The first word most people say when you mention food in Maputo is
"prawns", followed quickly by the words "cold beer". South Africans are
especially Pavlovian about this, and for many of us, the two will always
be the signature Mozambican meal: an ice-cold Dois M (pronounced
doish-em) or a Laurentina, both excellent local beers, along with a
great pile of prawns. But while eating prawns remains one of the top
reasons to visit Maputo - and no visit is complete without attempting to
commit prawnicide at least once - there is far more to the food and
flavours of Maputo.
The city's cuisine is a mix of African, Portuguese, Oriental and Arab
flavours: warm spices, piquant piri piri, creamy coconut sauces and
hints of cashews. Think Afro-Mediterranean with an Eastern sidewinder.
Mozambican seafood is famous: camarões (prawns) lagosta (crayfish)
peixe grelhada (grilled catch of the day) as well as lulas (calamari)
and ameijoas (clams). Chicken is also popular, especially galinha a
Zambeziana, which is a chicken dish with a lime, garlic, pepper. coconut milk and
piri-piri sauce.
Look out, too, for the traditional dish of matapa, cassava leaves
cooked in a peanut sauce. Caril (curry) dishes are common, as are
chamusa (samoosas). And meat dishes tend to be good, with most meat
imported from SA.
The city has a surprising diversity of restaurants, bistros, cafés
and street fare. Along Avenida Marginal, the beach road, and downtown,
you can do fine dining, family restaurants, pavement cafés, ambient
bistros. Go Thai, Greek, Italian, Portuguese, Mozambican; do Ethiopian,
Moroccan, street food. The Portuguese also ensured a wonderful tradition
of baking, and all across the city you'll find cafés, pastelaria and
salao de cha serving delicious pastries and fresh pão (bread). And
coffee-heads, fear not, Maputo is a deeply coffee-friendly society.

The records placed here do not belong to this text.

(* Let $H$ be a fixed graph, $\eta>0$ fixed, and $p=p(n)$. Suppose $n^{v(J)}p^{e(J)}=\omega(1)$ for every induced subgraph $J\subseteq H$ with at least one edge. Let $\mathcal C\subseteq\binom{[n]}{v(H)}$ be a family (depending on $n$, fixed independently of the random graph) with $|\mathcal C|\ge\eta\binom{n}{v(H)}$. Then asymptotically almost surely $\mathbb{G}(n,p)$ contains a copy of $H$ whose vertex set belongs to $\mathcal C$.
   Context: $\mathbb{G}(n,p)$ is the binomial random graph on vertex set $[n]$. *)

From HB Require Import structures.
From mathcomp Require Import all_boot all_order all_algebra.
From mathcomp Require Import all_classical all_reals all_analysis.
Set Implicit Arguments. Unset Strict Implicit. Unset Printing Implicit Defensive.
Import Order.TTheory GRing.Theory Num.Theory.
Local Open Scope ring_scope.

(* Graphs on vertex set 'I_n are represented by their edge sets: sets of
   2-element subsets of 'I_n. *)
Definition pairs (n : nat) : {set {set 'I_n}} := [set e : {set 'I_n} | #|e| == 2%N].

Definition is_graph (h : nat) (EH : {set {set 'I_h}}) : Prop := EH \subset pairs h.

Definition induced_edges (h : nat) (EH : {set {set 'I_h}}) (S : {set 'I_h}) : nat :=
  #|[set e in EH | e \subset S]|.

Definition gnp_prob (R : realType) (n : nat) (p : R) (A : pred {set {set 'I_n}}) : R :=
  \sum_(E in powerset (pairs n) | A E) p ^+ #|E| * (1 - p) ^+ (#|pairs n| - #|E|).

Definition has_copy_in (h n : nat) (EH : {set {set 'I_h}}) (C : {set {set 'I_n}})
  (E : {set {set 'I_n}}) : bool :=
  [exists f : {ffun 'I_h -> 'I_n},
     [&& injectiveb f, [forall e in EH, (f @: e) \in E] & (f @: [set: 'I_h]) \in C]].

Set Implicit Arguments. Unset Strict Implicit. Unset Printing Implicit Defensive.
From HB Require Import structures.
From mathcomp Require Import all_boot all_order all_algebra.
From mathcomp Require Import all_classical all_reals all_analysis.
From mathcomp Require Import ring zify.
Import Order.TTheory GRing.Theory Num.Theory.
Import numFieldNormedType.Exports.
Local Open Scope ring_scope.
(* The finset lemmas (subsetP, setP, ...) must take precedence over their
   classical_sets homonyms. *)
Import mathcomp.boot.fintype mathcomp.boot.finset.

(* Proof by the second moment method.
   Let X count the embeddings f : [h] -> [n] with image in C whose copy of H
   is present in G(n,p); X = 0 whenever G has no such copy, so by Chebyshev
   P(no copy) <= Var X / (E X)^2.  With q = p^e(H) and N the number of
   embeddings, E X = N q, and the covariance of two copies f, g is
   p^|A_f u A_g| - q^2, which vanishes unless they share an edge; in that case
   it is at most q^2 / (n^|S| p^e(H[S])) * n^|S| <= q^2 M n^|S| where S is the
   shared vertex set and 1/M bounds every n^v(J) p^e(J) from below.  Summing,
   Var X <= N q^2 M ((h+1) n)^h, hence P(no copy) <= M ((h+1) n)^h / N, and
   N >= |C| >= eta C(n,h) >= eta n^h / (2^h h!).  Taking M = sum_J 1/(n^v(J)
   p^e(J)), which tends to 0 by hypothesis, finishes the proof. *)

(* The random subset of a finite ground set P in which every element is kept
   independently with probability p; G(n,p) is the case P = pairs n. *)
Section RandomSubset.
Variables (R : realType) (T : finType) (P : {set T}) (p : R).
(* For $n\ge2$ and all $P,Q\in\Gamma_n$, $D_{\Psi I}(P\|Q)\le \frac{10}9 D_{\Psi h}(P\|Q)$.
   Context: $\Gamma_n=\{P=(p_1,\dots,p_n): p_i>0,\ \sum p_i=1\}$. $h(P\|Q)=\frac12\sum_{i=1}^n(\sqrt{p_i}-\sqrt{q_i})^2$; $\Psi(P\|Q)=\sum_{i=1}^n\frac{(p_i-q_i)^2(p_i+q_i)}{p_iq_i}$; $I(P\|Q)=\frac12\Big[\sum_{i=1}^n p_i\ln\frac{2p_i}{p_i+q_i}+\sum_{i=1}^n q_i\ln\frac{2q_i}{p_i+q_i}\Big]$. $D_{\Psi I}=\frac1{16}\Psi-I$, $D_{\Psi h}=\frac1{16}\Psi-h$. *)

(* concrete reals R. A probability vector of length n is a
   function p : nat -> R, read on indices 0..n-1. *)
From Stdlib Require Import Reals List.
Open Scope R_scope.

Definition sumn (n : nat) (f : nat -> R) : R :=
  fold_right Rplus 0 (map f (seq 0 n)).

Definition Gamma (n : nat) (p : nat -> R) : Prop :=
  (forall i, (i < n)%nat -> 0 < p i) /\ sumn n p = 1.

Definition hell (n : nat) (p q : nat -> R) : R :=
  / 2 * sumn n (fun i => (sqrt (p i) - sqrt (q i)) ^ 2).

Definition PsiM (n : nat) (p q : nat -> R) : R :=
  sumn n (fun i => (p i - q i) ^ 2 * (p i + q i) / (p i * q i)).

Definition JS (n : nat) (p q : nat -> R) : R :=
  / 2 * (sumn n (fun i => p i * ln (2 * p i / (p i + q i)))
       + sumn n (fun i => q i * ln (2 * q i / (p i + q i)))).

Definition D_PsiI (n : nat) (p q : nat -> R) : R := / 16 * PsiM n p q - JS n p q.
Definition D_Psih (n : nat) (p q : nat -> R) : R := / 16 * PsiM n p q - hell n p q.

(* [9 (10/9 D_Psih - D_PsiI)] is a sum of termwise gaps [gap (p i) (q i)],
   so it suffices that [gap a b >= 0] for all [a, b > 0].  The gap is positively
   homogeneous of degree one, so [gap a b = b * gap_profile t] with
   [t = sqrt (a / b)].  The profile vanishes at [t = 1] and has derivative
   [2 t gap_slope t], where [gap_slope] is nondecreasing (its derivative has
   the factor [(t - 1)^4]) and vanishes at 1; hence the profile decreases on
   (0, 1] and increases on [1, oo). *)
From Stdlib Require Import Reals Lra Psatz List.
From Coquelicot Require Import Coquelicot.
Open Scope R_scope.

Lemma sumn_add (n : nat) (f g : nat -> R) :
  sumn n (fun i => f i + g i) = sumn n f + sumn n g.
Proof. unfold sumn. induction (seq 0 n); simpl; lra. Qed.

Lemma sumn_scal (n : nat) (c : R) (f : nat -> R) :
  sumn n (fun i => c * f i) = c * sumn n f.
Proof. unfold sumn. induction (seq 0 n); simpl; lra. Qed.

Lemma sumn_nonneg (n : nat) (f : nat -> R) :
  (forall i, (i < n)%nat -> 0 <= f i) -> 0 <= sumn n f.
Proof.
  intro Hf. unfold sumn.
  assert (Hin : forall i, In i (seq 0 n) -> 0 <= f i).
  { intros i Hi. apply in_seq in Hi. apply Hf. lia. }
  clear Hf. induction (seq 0 n) as [|i s IH]; simpl; [lra|].
  assert (0 <= f i) by (apply Hin; left; reflexivity).
  assert (0 <= fold_right Rplus 0 (map f s)) by (apply IH; intros; apply Hin; right; assumption).
  lra.
Qed.

Section MeanValueOnPositiveReals.

Variables f f' : R -> R.
Hypothesis f_derive : forall x, 0 < x -> is_derive f x (f' x).

Lemma MVT_same_side (a t : R) :
  0 < a -> 0 < t -> t <> a ->
  exists c, 0 < c /\ 0 < (c - a) * (t - a) /\ f t - f a = f' c * (t - a).
Proof.
  intros Ha Ht Hta.
  assert (Hlim : forall x, 0 < x -> derivable_pt_lim f x (f' x)).
  { intros x Hx. apply is_derive_Reals, f_derive, Hx. }
  destruct (Rlt_or_le a t) as [Hat | Hta'].
  - destruct (MVT_cor2 f f' a t Hat) as [c [Hc Hac]].
    { intros c Hc. apply Hlim. lra. }
    exists c. split; [lra | split; [nra | exact Hc]].
  - destruct (MVT_cor2 f f' t a) as [c [Hc Htc]]; [lra | intros c Hc; apply Hlim; lra |].
    exists c. split; [lra | split; [nra | lra]].
Qed.

Lemma nondecreasing_of_derive_nonneg (a t : R) :
  0 < a -> 0 < t -> (forall x, 0 < x -> 0 <= f' x) ->
  0 <= (t - a) * (f t - f a).
Proof.
  intros Ha Ht Hf'.
  destruct (Req_dec t a) as [-> | Hta]; [lra |].
  destruct (MVT_same_side a t Ha Ht Hta) as [c [Hc [_ ->]]].
  replace ((t - a) * (f' c * (t - a))) with (f' c * (t - a) ^ 2) by ring.
  apply Rmult_le_pos; [apply Hf', Hc | apply pow2_ge_0].
Qed.

Lemma min_of_derive_sign (a t : R) :
  0 < a -> 0 < t -> (forall x, 0 < x -> 0 <= (x - a) * f' x) ->
  f a <= f t.
Proof.
  intros Ha Ht Hf'.
  destruct (Req_dec t a) as [-> | Hta]; [lra |].
  destruct (MVT_same_side a t Ha Ht Hta) as [c [Hc [Hside Hmvt]]].
  assert (Hc' := Hf' c Hc).
  assert (0 <= f' c * (t - a)).
  { assert (Hca : c - a <> 0) by (intro E; rewrite E, Rmult_0_l in Hside; lra).
    apply (Rmult_le_reg_l (Rsqr (c - a))); [apply Rsqr_pos_lt, Hca |].
    replace (Rsqr (c - a) * (f' c * (t - a))) with (((c - a) * f' c) * ((c - a) * (t - a))) by (unfold Rsqr; ring).
    rewrite Rmult_0_r. apply Rmult_le_pos; [exact Hc' | lra]. }
  lra.
Qed.

End MeanValueOnPositiveReals.

(* Each summand is a scalar multiple of a summand of [PsiM], [hell] or [JS],
   so that [sumn_gap] is pure linearity. *)
Definition gap (a b : R) : R :=
  / 16 * ((a - b) ^ 2 * (a + b) / (a * b)) + (-5) * (sqrt a - sqrt b) ^ 2
  + 9 / 2 * (a * ln (2 * a / (a + b)) + b * ln (2 * b / (a + b))).

Lemma sumn_gap (n : nat) (p q : nat -> R) :
  sumn n (fun i => gap (p i) (q i)) = 9 * (10 / 9 * D_Psih n p q - D_PsiI n p q).
Proof.
  unfold gap, D_Psih, D_PsiI, PsiM, hell, JS.
  rewrite !sumn_add, !sumn_scal, sumn_add. lra.
Qed.

Lemma gap_homogeneous (l a b : R) :
  0 < l -> 0 < a -> 0 < b -> gap (l * a) (l * b) = l * gap a b.
Proof.
  intros Hl Ha Hb. unfold gap.
  rewrite !sqrt_mult by lra.
  replace (2 * (l * a) / (l * a + l * b)) with (2 * a / (a + b)) by (field; repeat split; nra).
  replace (2 * (l * b) / (l * a + l * b)) with (2 * b / (a + b)) by (field; repeat split; nra).
  replace ((sqrt l * sqrt a - sqrt l * sqrt b) ^ 2)
    with (sqrt l ^ 2 * (sqrt a - sqrt b) ^ 2) by ring.
  rewrite pow2_sqrt by lra.
  field. lra.
Qed.

Definition gap_profile (t : R) : R :=
  (t ^ 2 - 1) ^ 2 * (t ^ 2 + 1) / (16 * t ^ 2) - 5 * (t - 1) ^ 2
  + 9 / 2 * (t ^ 2 * ln (2 * t ^ 2 / (t ^ 2 + 1)) + ln (2 / (t ^ 2 + 1))).

Definition gap_slope (t : R) : R :=
  (2 * t ^ 2 - 1 - / t ^ 4) / 16 - 5 + 5 / t + 9 / 2 * ln (2 * t ^ 2 / (t ^ 2 + 1)).

Definition gap_slope_derive (t : R) : R :=
  (t - 1) ^ 4 * ((t ^ 2 + 1) ^ 2 + 4 * t * (t ^ 2 + 1) + 9 * t ^ 2) / (4 * t ^ 5 * (t ^ 2 + 1)).

Lemma gap_eq_profile (t : R) : 0 < t -> gap (t ^ 2) 1 = gap_profile t.
Proof.
  intro Ht. unfold gap, gap_profile.
  rewrite sqrt_1, sqrt_pow2 by lra.
  replace (2 * 1 / (t ^ 2 + 1)) with (2 / (t ^ 2 + 1)) by (field; nra).
  field. lra.
Qed.

Lemma is_derive_gap_profile (t : R) :
  0 < t -> is_derive gap_profile t (2 * t * gap_slope t).
Proof.
  intro Ht. unfold gap_profile, gap_slope. auto_derive.
  - assert (0 < t * t) by nra.
    repeat split; try nra;
      apply Rmult_lt_0_compat; nra || (apply Rinv_0_lt_compat; nra).
  - replace (2 * (t * (t * 1)) * / (t * (t * 1) + 1)) with (2 * t ^ 2 / (t ^ 2 + 1))
      by (simpl; field; nra).
    set (L := ln _). field. nra.
Qed.

Lemma is_derive_gap_slope (t : R) :
  0 < t -> is_derive gap_slope t (gap_slope_derive t).
Proof.
  intro Ht. unfold gap_slope, gap_slope_derive. auto_derive.
  - assert (0 < t * t) by nra.
    assert (0 < t * (t * (t * (t * 1)))) by (simpl; nra).
    repeat split; try nra.
    apply Rmult_lt_0_compat; [nra | apply Rinv_0_lt_compat; nra].
  - field. nra.
Qed.

Lemma gap_slope_derive_nonneg (t : R) : 0 < t -> 0 <= gap_slope_derive t.
Proof.
  intro Ht. unfold gap_slope_derive.
  assert (0 < t ^ 5) by (apply pow_lt; lra).
  apply Rmult_le_pos.
  - apply Rmult_le_pos; [| nra].
    replace ((t - 1) ^ 4) with (((t - 1) ^ 2) ^ 2) by ring. apply pow2_ge_0.
  - apply Rlt_le, Rinv_0_lt_compat. nra.
Qed.

Lemma gap_slope_1 : gap_slope 1 = 0.
Proof.
  unfold gap_slope. replace (2 * 1 ^ 2 / (1 ^ 2 + 1)) with 1 by field.
  rewrite ln_1. field.
Qed.

Lemma gap_profile_1 : gap_profile 1 = 0.
Proof.
  unfold gap_profile.
  replace (2 * 1 ^ 2 / (1 ^ 2 + 1)) with 1 by field.
  replace (2 / (1 ^ 2 + 1)) with 1 by field.
  rewrite ln_1. field.
Qed.

Lemma gap_slope_sign (t : R) : 0 < t -> 0 <= (t - 1) * gap_slope t.
Proof.
  intro Ht.
  assert (H := nondecreasing_of_derive_nonneg _ _ is_derive_gap_slope 1 t
                 Rlt_0_1 Ht gap_slope_derive_nonneg).
  rewrite gap_slope_1, Rminus_0_r in H. exact H.
Qed.

Lemma gap_profile_nonneg (t : R) : 0 < t -> 0 <= gap_profile t.
Proof.
  intro Ht. rewrite <- gap_profile_1.
  apply (min_of_derive_sign _ _ is_derive_gap_profile); [lra | exact Ht |].
  intros x Hx. assert (Hs := gap_slope_sign x Hx). nra.
Qed.

Lemma gap_nonneg (a b : R) : 0 < a -> 0 < b -> 0 <= gap a b.
Proof.
  intros Ha Hb.
  set (t := sqrt (a / b)).
  assert (Hab : 0 < a / b) by (apply Rdiv_lt_0_compat; assumption).
  assert (Ht : 0 < t) by (apply sqrt_lt_R0, Hab).
  assert (Ea : a = b * t ^ 2) by (unfold t; rewrite pow2_sqrt by lra; field; lra).
  clearbody t. subst a.
  replace (gap (b * t ^ 2) b) with (gap (b * t ^ 2) (b * 1)) by (rewrite Rmult_1_r; reflexivity).
  rewrite gap_homogeneous, gap_eq_profile by (try apply pow_lt; lra).
  apply Rmult_le_pos; [lra | apply gap_profile_nonneg, Ht].
Qed.

Theorem proposition5p11 (n : nat) (p q : nat -> R) :
  (2 <= n)%nat -> Gamma n p -> Gamma n q ->
  D_PsiI n p q <= 10 / 9 * D_Psih n p q.
Proof.
  intros _ [Hp _] [Hq _].
  assert (H : 0 <= sumn n (fun i => gap (p i) (q i))).
  { apply sumn_nonneg. intros i Hi. apply gap_nonneg; [apply Hp | apply Hq]; exact Hi. }
  rewrite sumn_gap in H. lra.
Qed.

Delicious espressos, cappuccinos, latte and assorted coffee-combo
regmakers wait at every turn.
Since everyone asks, the best prawns to be had in town are at the
Bayview Restaurant at Southern Sun, an elegant North African restaurant
with doors opening out on ocean views, and excellent food and wines
(4016 Avenida Marginal).
The home of the "original LM prawn" is still Costa do Sol (10249
Avenida Marginal), a historic and colourful spot at the northern end of
Avenida Marginal that dates back to colonial times, run by the
Petrakakis family since 1938. They also do a mean line in caipirinhas,
the traditional Maputo cocktail .
For an authentic Portuguese meal, head straight for the convivial
Taverna (995 Avenida Julius Nyerere), which serves cozinha tipica:
typical Portuguese food, seafood, steaks, trinchado, slow-cooked lamb,
skewers of meat. They have the best wine list in Maputo.
Zambi's (8 Avenida 10 de Novembro) is an upbeat meeting-and-eating
spot and has all the right ingredients for a long, decadent lunch or
dinner: waving palm trees and sea views, a convivial dining room and
shaded terrace, all in an unusual building which was designed by
avant-garde Portuguese architect Pancho Guedes in the 1950s. It was once
a pole-dancing club, but is now a salubrious spot. They serve the best
garlic bread in Maputo, but also try their petite gateau dessert. Huge
salads are a meal in themselves. You can take the country's signature
dish to its logical conclusion and have Prawns Laurentina, prawns cooked
in beer, or try clams in white wine sauce.
Marisqueira Sagres (4272 Avenida Marginal) is a busy, family-friendly
Portuguese restaurant on the beachfront, near Southern Sun, decorated
with assorted maritime kitsch. Sagres serves the best salads and huge
crabs. A good idea is to order a whole selection of their starters, like
chorizo, clams, squid heads, chicken livers and garlic prawns. If you
are in a beer-drinking group, try their tower of beer. A great place to
enjoy a caipirinha at sunset. Service can be a bit slow at times.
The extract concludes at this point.